Oklahoma Bat Facts
- There are 45 different bat species native to the United States. Of these, 22 species are native to Oklahoma.
- All 22 bat species native to Oklahoma are insectivorous. The only fruit bats in Oklahoma are exotic species living in zoos (The two nectar eating and one fruit eating species native to the United States all live in subtropical climates.).
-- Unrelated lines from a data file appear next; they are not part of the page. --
Lemma bounded_measurableD h1 h2 : bounded_measurable h1 -> bounded_measurable h2 ->
  bounded_measurable (fun x => h1 x + h2 x).
Proof.
move=> [m1 [M1 b1]] [m2 [M2 b2]]; split; first exact: measurable_funD.
by exists (M1 + M2) => x; rewrite (le_trans (ler_normD _ _)) ?lerD.
Qed.

Lemma bounded_measurableM h1 h2 : bounded_measurable h1 -> bounded_measurable h2 ->
  bounded_measurable (fun x => h1 x * h2 x).
Proof.
move=> [m1 [M1 b1]] [m2 [M2 b2]]; split; first exact: measurable_funM.
by exists (M1 * M2) => x; rewrite normrM ler_pM.
Qed.

Lemma bounded_measurableN h : bounded_measurable h ->
  bounded_measurable (fun x => - h x).
Proof.
move=> [mh [M hM]]; split; first exact: measurableT_comp.
by exists M => x; rewrite normrN.
Qed.

Lemma bounded_measurableB h1 h2 : bounded_measurable h1 -> bounded_measurable h2 ->
  bounded_measurable (fun x => h1 x - h2 x).
Proof. by move=> b1 /bounded_measurableN; exact: bounded_measurableD. Qed.

Lemma bounded_measurable_norm h : bounded_measurable h ->
  bounded_measurable (fun x => `|h x|).
Proof.
move=> [mh [M hM]]; split; first exact: measurableT_comp.
by exists M => x; rewrite normr_id.
Qed.

Lemma bounded_measurable_sqrt h : bounded_measurable h ->
  bounded_measurable (fun x => Num.sqrt (h x)).
Proof.
move=> [mh [M hM]]; split.
  exact: measurableT_comp (continuous_measurable_fun (@sqrt_continuous R)) mh.
exists (1 + M) => x; rewrite ger0_norm ?sqrtr_ge0 //.
have [hx0|hx0] := leP 0 (h x); last by rewrite ltr0_sqrtr // addr_ge0 // (le_trans _ (hM x)).
have := hM x; rewrite ger0_norm // => hxM.
have := sqr_sqrtr hx0; have := sqrtr_ge0 (h x); rewrite expr2; nra.
Qed.

Lemma bounded_measurable_integrable (mu : probability T R) h :
  bounded_measurable h -> mu.-integrable setT (EFin \o h).
Proof.
move=> [mh [M hM]]; apply: measurable_bounded_integrable => //.
  exact: le_lt_trans (probability_le1 mu measurableT) (ltry _).
exists M; split; first by rewrite num_real.
by move=> M' MM' x _; exact: le_trans (hM x) (ltW MM').
Qed.

End bounded_measurable.

Section median.
Context d (T : measurableType d) (R : realType) (mu : probability T R).
Implicit Types (f h : T -> R) (a b c : R).

Lemma measurable_ge f a : measurable_fun setT f -> measurable [set x | a <= f x].
Proof.
move=> mf; have := mf measurableT _ (measurable_itv `[a, +oo[); rewrite setTI.
by congr measurable; apply/seteqP; split => x /=; rewrite in_itv /= andbT.
Qed.

Lemma measurable_le f a : measurable_fun setT f -> measurable [set x | f x <= a].
Proof.
move=> mf; have := mf measurableT _ (measurable_itv `]-oo, a]); rewrite setTI.
by congr measurable; apply/seteqP; split => x /=; rewrite in_itv.
Qed.

Lemma probability_bigcap_ge (F : (set T)^nat) (l : \bar R) :
  (forall n, measurable (F n)) -> nonincreasing_seq F ->
  (forall n, l <= mu (F n))%E -> (l <= mu (\bigcap_n F n))%E.
Proof.
move=> mF niF lF.
have muF0 : (mu (F 0%N) < +oo)%E.
  exact: le_lt_trans (probability_le1 mu (mF 0%N)) (ltry _).
have cvgF := nonincreasing_cvg_mu muF0 mF (bigcapT_measurable mF) niF.
rewrite -(cvg_lim _ cvgF) //; apply: lime_ge; first by apply/cvg_ex; exists (mu (\bigcap_n F n)).
exact: nearW.
Qed.

Lemma probability_setC_ge_half (A : set T) : measurable A ->
  (mu A <= (2^-1)%:E)%E -> ((2^-1)%:E <= mu (~` A))%E.
Proof.
move=> mA; rewrite probability_setC // -(fineK (fin_num_measure mu _ mA)).
by rewrite -EFinB !lee_fin; lra.
Qed.

Lemma median_exists f : bounded_measurable f -> exists m, is_median mu f m.
Proof.
move=> [mf [M fM]].
pose S := [set t : R | ((2^-1)%:E <= mu [set x | (t <= f x)%R])%E].
have SM : S (- M).
  rewrite /S /= (_ : [set x | - M <= f x] = setT) ?probability_setT.
    by rewrite lee_fin invf_le1 // ler1n.
  by apply/seteqP; split => x //= _; move: (fM x); rewrite ler_norml => /andP[].
have ubS : ubound S M.
  move=> t St; rewrite leNgt; apply/negP => Mt; move: St; rewrite /S /=.
  rewrite (_ : [set x | t <= f x] = set0) ?measure0 ?lee_fin ?leNgt ?invr_gt0 ?ltr0n //.
  apply/seteqP; split => x //= tx; move: (fM x); rewrite ler_norml => /andP[_].
  by apply/negP; rewrite -ltNge (lt_le_trans Mt tx).
have supS : has_sup S by split; [exists (- M) | exists M].
have inv_gt0 n : 0 < n.+1%:R^-1 :> R by rewrite invr_gt0.
have inv_le n k : (n <= k)%N -> k.+1%:R^-1 <= n.+1%:R^-1 :> R.
  by move=> nk; rewrite lef_pV2 ?posrE // ler_nat.
exists (sup S); split.
- rewrite set_ge_bigcapE; apply: probability_bigcap_ge => [n|n k nk|n].
  + exact: measurable_ge.
  + by rewrite subsetEset => x /=; apply: le_trans; rewrite lerD2l lerN2 inv_le.
  have [t St tS] := sup_adherent (inv_gt0 n) supS.
  apply: le_trans St _; apply: le_measure; rewrite ?inE; try exact: measurable_ge.
  by move=> x /=; apply: le_trans; exact: ltW.
- rewrite set_le_bigcapE; apply: probability_bigcap_ge => [n|n k nk|n].
  + exact: measurable_le.
  + by rewrite subsetEset => x /= /le_trans; apply; rewrite lerD2l inv_le.
  have notS : ~ S (sup S + n.+1%:R^-1).
    by move=> /(sup_upper_bound supS); rewrite gerDl leNgt inv_gt0.
  have /ltW/probability_setC_ge_half :
      (mu [set x | (sup S + n.+1%:R^-1 <= f x)%R] < (2^-1)%:E)%E.
    by rewrite ltNge; apply/negP.
  move=> /(_ (measurable_ge _ mf)) /le_trans; apply; apply: le_measure; rewrite ?inE.
  + exact/measurableC/measurable_ge.
  + exact: measurable_le.
  by move=> x /= /negP; rewrite -ltNge => /ltW.
Qed.

End median.

Section oscillation.
Context d (T : measurableType d) (R : realType) (mu : probability T R).
Implicit Types (f h : T -> R) (a b c : R).

Let muT_gt0 : (0 < mu setT)%E.
Proof. by rewrite probability_setT lte01. Qed.

Lemma ess_sup_bounded h (M : R) : (forall x, `|h x| <= M) ->
  exists b, ess_sup mu (EFin \o h) = b%:E.
Proof.
move=> hM; have [Mh hM'] : (forall x, (- M)%:E <= (h x)%:E)%E /\ (forall x, (h x)%:E <= M%:E)%E.
  by split=> x; rewrite lee_fin; have := hM x; rewrite ler_norml => /andP[].
case: ess_sup (ess_sup_ler mu hM') (ess_sup_ger muT_gt0 Mh) => // b _ _.
by exists b.
Qed.

Lemma ess_inf_bounded h (M : R) : (forall x, `|h x| <= M) ->
  exists a, ess_inf mu (EFin \o h) = a%:E.
Proof.
move=> hM; have [Mh hM'] : (forall x, (- M)%:E <= (h x)%:E)%E /\ (forall x, (h x)%:E <= M%:E)%E.
  by split=> x; rewrite lee_fin; have := hM x; rewrite ler_norml => /andP[].
have infM : (ess_inf mu (EFin \o h) <= M%:E)%E.
  by rewrite -(ess_inf_cst M%:E muT_gt0); apply: le_ess_inf; exact: nearW.
case: ess_inf (ess_inf_ler mu Mh) infM => // a _ _.
by exists a.
Qed.

Lemma median_le_ess_sup h c : measurable_fun setT h -> is_median mu h c ->
  (c%:E <= ess_sup mu (EFin \o h))%E.
Proof.
move=> mh [hc _]; rewrite leNgt; apply/negP => supc.
have [N [mN N0 sN]] := ess_sup_ge mu (EFin \o h).
suff : (mu [set x | (c <= h x)%R] <= 0)%E.
  by move=> /(le_trans hc); rewrite lee_fin leNgt invr_gt0 ltr0n.
rewrite -N0; apply: le_measure; rewrite ?inE; [exact: measurable_ge | exact: mN |].
move=> x /= cx; apply: sN => /= /le_lt_trans /(_ supc).
by rewrite lte_fin ltNge cx.
Qed.

Lemma ess_inf_le_median h c : measurable_fun setT h -> is_median mu h c ->
  (ess_inf mu (EFin \o h) <= c%:E)%E.
Proof.
move=> mh [_ hc]; rewrite leNgt; apply/negP => cinf.
have [N [mN N0 sN]] := ess_inf_le mu (EFin \o h).
suff : (mu [set x | (h x <= c)%R] <= 0)%E.
  by move=> /(le_trans hc); rewrite lee_fin leNgt invr_gt0 ltr0n.
rewrite -N0; apply: le_measure; rewrite ?inE; [exact: measurable_le | exact: mN |].
move=> x /= xc; apply: sN => /= /(lt_le_trans cinf).
by rewrite lte_fin ltNge xc.
Qed.

Lemma Osc_comp_le (P : R -> R) f a b : {homo P : x y / x <= y} ->
  (exists M : R, forall x, `|P (f x)| <= M) ->
  ess_inf mu (EFin \o f) = a%:E -> ess_sup mu (EFin \o f) = b%:E ->
  Osc mu (P \o f) <= P b - P a.
Proof.
move=> Pmono [M PM] fa fb.
have [b' Pb'] := ess_sup_bounded PM; have [a' Pa'] := ess_inf_bounded PM.
rewrite /Osc Pb' Pa' -EFinB /=; apply: lerB.
  rewrite -lee_fin -Pb'; apply/ess_supP.
  have := ess_sup_ge mu (EFin \o f); rewrite fb; apply: filterS => x /=.
  by rewrite !lee_fin; exact: Pmono.
rewrite -lee_fin -Pa'; apply/ess_infP.
have := ess_inf_le mu (EFin \o f); rewrite fa; apply: filterS => x /=.
by rewrite !lee_fin; exact: Pmono.
Qed.

End oscillation.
- The reproductive rate for bats is very slow compared to that of other mammals of comparable sizes. Most bat species give birth to only one or two pups per year. The red bat (Lasiurus borealis), however, typically gives birth to one litter per year of one to four pups..
- Many bats are very long-lived. There are records of little brown bats living 33 or more years.
- Over half of the bat species in the United States are endangered or have declining populations. This is largely due to human interference and encroachment.
- One small bat can eat over 1,000 mosquito sized insects in just one hour. Nursing mothers eat over twice this amount.
- Bats are not blind, they are not rodents, and they do not become entangled in people's hair.
- Oklahoma's bats use echolocation--the emission of ultrasonic sound waves used as a sort of "sonar"-- for navigation and for hunting insects.
- The red bat (Lasiurus borealis) is North America's only bat with sexually dimorphic color variations (males and females are colored differently).
- The bats seen most frequently at WildCare are the red bat (Lasiurus borealis), the evening bat (Nycticeius humeralis), the little brown bat (Myotis lucifugus), and the Mexican free-tailed bat (Tadarida brasiliensis).